It contains more calcium than whole milk and more vitamin C than oranges, as well as a large amount of other nutrients that are beneficial to human health. It is watercress, a perennial plant that grows spontaneously in marshy areas but which is now being tried to cultivate. Let's discover its properties and uses in cooking and medicine
In ancient times it was considered capable of fortifying the mind and stimulating the most ardent passions. Today science has discovered that it is the vegetable with the highest nutrient content between vitamins and calcium and that it can perform a cancer prevention action. It is watercress (scientific name Lepidium sativum), a perennial plant of the Brassicaceae family that grows spontaneously along streams and marshy soils, which can also be used for various preparations in the kitchen. It has recently begun its experimental cultivation on a Cnr farm.
Between history and legend
With a slightly pungent smell, watercress is mentioned in several herbal treatises as a healing and aphrodisiac plant. Already known to the Egyptians, Petronius mentions it in the Satyricon about a vegetable juice smeared by a priestess of Priapus on the genitals of Encolpius, suffering from impotence. But still in the second half of the nineteenth century, Dr. Paolo Mantegazza in the book “Igiene dell'amore", listing the exciting foods, recommends their consumption at the table to patients afflicted by asthenia and lack of sexual desire.
Almost like a sponge
Watercress is a perennial herbaceous plant 30-40 centimeters high which requires particular environmental conditions to grow: humid places, especially aquatic-marshy places (ditches, springs, fountains, ponds and streams), in the presence of still or flowing waters , forming large prostrate bushes. It blooms between March and July and is harvested in autumn. The flowers are white, the fruits consist of small siliques containing dark colored seeds.
Having a high absorbent capacity, it is necessary to pay attention to where it is collected: in locations free from sources of chemical pollution (landfills, intensive cultivation) and biological (human or animal fecal material can be a source of transmission of pathogens , especially salmonellae and parasitic worms). This warning obviously applies to all wild species (submerged, emerging or floating), collected for food and medicinal use, which live in humid and aquatic environments.

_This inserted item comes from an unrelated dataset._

(* Fix a task index $t\in\{1,2,\dots\}$ with input dimension $M_t$, output dimension $C_t$, compact domain $D_t\subset\mathbb{R}^{M_t}$, and target function $f=[f_1,\dots,f_{C_t}]\in L_2(D_t)$. Suppose that $\mathrm{span}(\Gamma)$ is dense in $L_2$ space and that, for all $g\in\Gamma$, $G$ is a collection of some $g$ with nonlinear activation. Let $0<r(t)<1$ and let $\{\mu_L(t)\}_{L\ge 1}$ be a non-negative real sequence with $\lim_{L\to+\infty}\mu_L(t)=0$ and $\mu_L(t)\le 1-r(t)$ for all $L$. Let $l\in\mathbb{N}^+$ be a step size. Nodes $g_1,g_2,\dots\in\Gamma$ are added to the network in batches of $l$; for $L=1,2,\dots$ (with $L$ running over the batch endpoints) set $$\delta_L^\star(t)=\sum_{c=1}^{C_t}\delta_{L,c}^\star(t),\qquad \delta_{L,c}^\star(t)=(1-r(t)-\mu_L(t))\,\|e_{L-l,c}^\star(t)\|^2 .$$ Suppose that each new batch of nodes $G_l=[g_{L-l+1},\dots,g_L]$ (with $g_j(x)=g(xw_j+b_j)$, i.e. $G_l=G_l(X_tW_l+B_l)$ with randomly generated weights $W_l$ and biases $B_l$) is chosen so that $$\langle e_{L-l,c}^\star(t),\,G_l\beta_{l,c}(t)\rangle\ \ge\ \delta_{L,c}^\star(t),\qquad c=1,2,\dots,C_t,$$ and is connected to the existing network through output weights determined in the least-squares sense $$[\beta_1^\star(t),\dots,\beta_L^\star(t)]=\arg\min_{\beta(t)}\Big\|f-\sum_{j=1}^{L}\beta_j(t)g_j\Big\|.$$ Then $\lim_{L\to+\infty}\|f-f_L^\star\|=0$, where $f_L^\star=f_{L-l}^\star+\beta_l^\star(t)G_l=\sum_{j=1}^L\beta_j^\star(t)g_j$.
   Context: $\Gamma=\{g_1,g_2,\dots\}$ is a set of bounded nonconstant piecewise continuous functions and $\mathrm{span}(\Gamma)$ is the function space spanned by $\Gamma$. $L_2(D_t)$ is the space of Lebesgue measurable $f=[f_1,\dots,f_{C_t}]:\mathbb{R}^{M_t}\to\mathbb{R}^{C_t}$ on $D_t$ with norm $\|f\|=\big(\sum_{c=1}^{C_t}\int_{D_t}|f_c(x)|^2dx\big)^{1/2}<\infty$, and inner product $\langle f,\vartheta\rangle=\sum_{c=1}^{C_t}\langle f_c,\vartheta_c\rangle=\sum_{c=1}^{C_t}\int_{D_t}f_c(x)\vartheta_c(x)\,dx$; for scalar-valued functions the inner product is $\int_{D_t}f_c\vartheta_c\,dx$. Each output weight $\beta_j(t)\in\mathbb{R}^{1\times C_t}$ is a row vector, so $\beta_j(t)g_j$ is $\mathbb{R}^{C_t}$-valued. The optimal residual after $L$ nodes is $e_L^\star(t)=f-\sum_{j=1}^L\beta_j^\star(t)g_j$ with $e_0^\star(t)=f$, and $e_{L,c}^\star(t)$ denotes its $c$-th component. For the batch $G_l=[g_{L-l+1},\dots,g_L]$ and a coefficient vector $\beta=(\beta_{L-l+1},\dots,\beta_L)^{\mathrm T}\in\mathbb{R}^l$, $G_l\beta=\sum_{j=L-l+1}^{L}\beta_jg_j$. The intermediate output weights are $\beta_{l,c}(t)=(G_l^{\mathrm T}G_l)^\dagger G_l^{\mathrm T}e_{L-l,c}^\star(t)$, i.e. the least-squares coefficients of $e_{L-l,c}^\star(t)$ on $g_{L-l+1},\dots,g_L$, where $G_l^{\mathrm T}G_l$ is the Gram matrix $(\langle g_i,g_j\rangle)_{i,j}$, $G_l^{\mathrm T}e$ is the vector $(\langle g_j,e\rangle)_j$, and $^\dagger$ denotes the Moore–Penrose pseudoinverse. *)

From mathcomp Require Import all_boot all_order all_algebra.
From mathcomp Require Import all_classical all_reals all_analysis.
Import Order.TTheory GRing.Theory Num.Theory numFieldNormedType.Exports.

A concentrate of nutrients
Researchers at William Paterson University in New Jersey have classified watercress as the most nutrient-rich fruit and vegetable product. In fact, it contains large amounts of vitamin K, four times more beta-carotene and vitamin A than apples, tomatoes and broccoli, more vitamin C than oranges, more calcium than whole milk and more iron than spinach. Furthermore, watercress contains glucosinolates, which are believed to be able to fight some forms of colon, breast, lung and prostate cancer. It is also a valuable source of lutein and zeaxanthin, two carotenoids that protect the retina from aging. Watercress also contains vitamin B6, potassium, phosphorus and iodine.
Uses in the kitchen
Fresh cress leaves are usually used for food, because once dried they lose most of their properties. The taste is slightly acrid tending to spicy and vaguely reminiscent of mustard, so it goes well with mixed salads, sauces, canapés, croutons, appetizers, fresh cheeses, dishes based on vegetables, fish or meat.

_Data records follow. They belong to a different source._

Lemma rev_cat_cons (T : Type) (L : seq T) y R :
  rev (L ++ y :: R) = rev R ++ y :: rev L.
Proof. by rewrite rev_cat rev_cons cat_rcons. Qed.

Lemma head_rcons_cat (T : Type) (d z : T) A B :
  head d (rcons A z) = head d (A ++ z :: B).
Proof. by case: A. Qed.

Lemma split_first (T : Type) (a : pred T) s : has a s ->
  exists A y B, [/\ s = A ++ y :: B, a y & ~~ has a A].
Proof. by case/split_find => y A B ay hA; exists A, y, B; rewrite cat_rcons. Qed.

Lemma split_last (T : Type) (a : pred T) s : has a s ->
  exists A y B, [/\ s = A ++ y :: B, a y & ~~ has a B].
Proof.
rewrite -has_rev => /split_first [A [y [B [E ay hA]]]].
exists (rev B), y, (rev A); split => //; last by rewrite has_rev.
by rewrite -[s]revK E rev_cat_cons.
Qed.

Lemma mem_split (T : eqType) (x : T) (s : seq T) : x \in s ->
  exists A B, s = A ++ x :: B.
Proof. by case/splitPr => A B; exists A, B. Qed.

Lemma cat_uniq_disjoint (T : eqType) (s1 s2 : seq T) : uniq s1 -> uniq s2 ->
  {in s1, forall z, z \notin s2} -> uniq (s1 ++ s2).
Proof.
move=> u1 u2 H; rewrite cat_uniq u1 u2 andbT.
by apply/hasPn => z z2; apply: contraL z2 => /H.
Qed.

Lemma uniq_cat_cons (T : eqType) (s1 s2 : seq T) x : uniq (s1 ++ x :: s2) ->
  [/\ uniq s1, x \notin s1, uniq (x :: s2) & {in s1, forall z, z \notin x :: s2}].
Proof.
rewrite cat_uniq => /and3P[u1 h u2]; split => //.
  by apply: contraNN h => xs1; apply/hasP; exists x; rewrite ?mem_head.
by move=> z zs1; apply: contraNN h => zs2; apply/hasP; exists z.
Qed.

It can also be eaten cooked to flavor soups, soups and risottos.
In herbal medicine its tonic, antiscorbutic,
stomachic, detoxifying, vitaminizing, remineralizing and diuretic. Modern phytotherapy uses the purifying action of watercress to treat
subjects intoxicated by tobacco. To make the most of its detoxifying action, it can also be administered in the form of an infusion or syrup, together with other plants such as heather and fumitory.
A folk remedy for curing burns, scalds and rashes, consists
in using the fresh plant in the form of a poultice, to be applied on the affected part.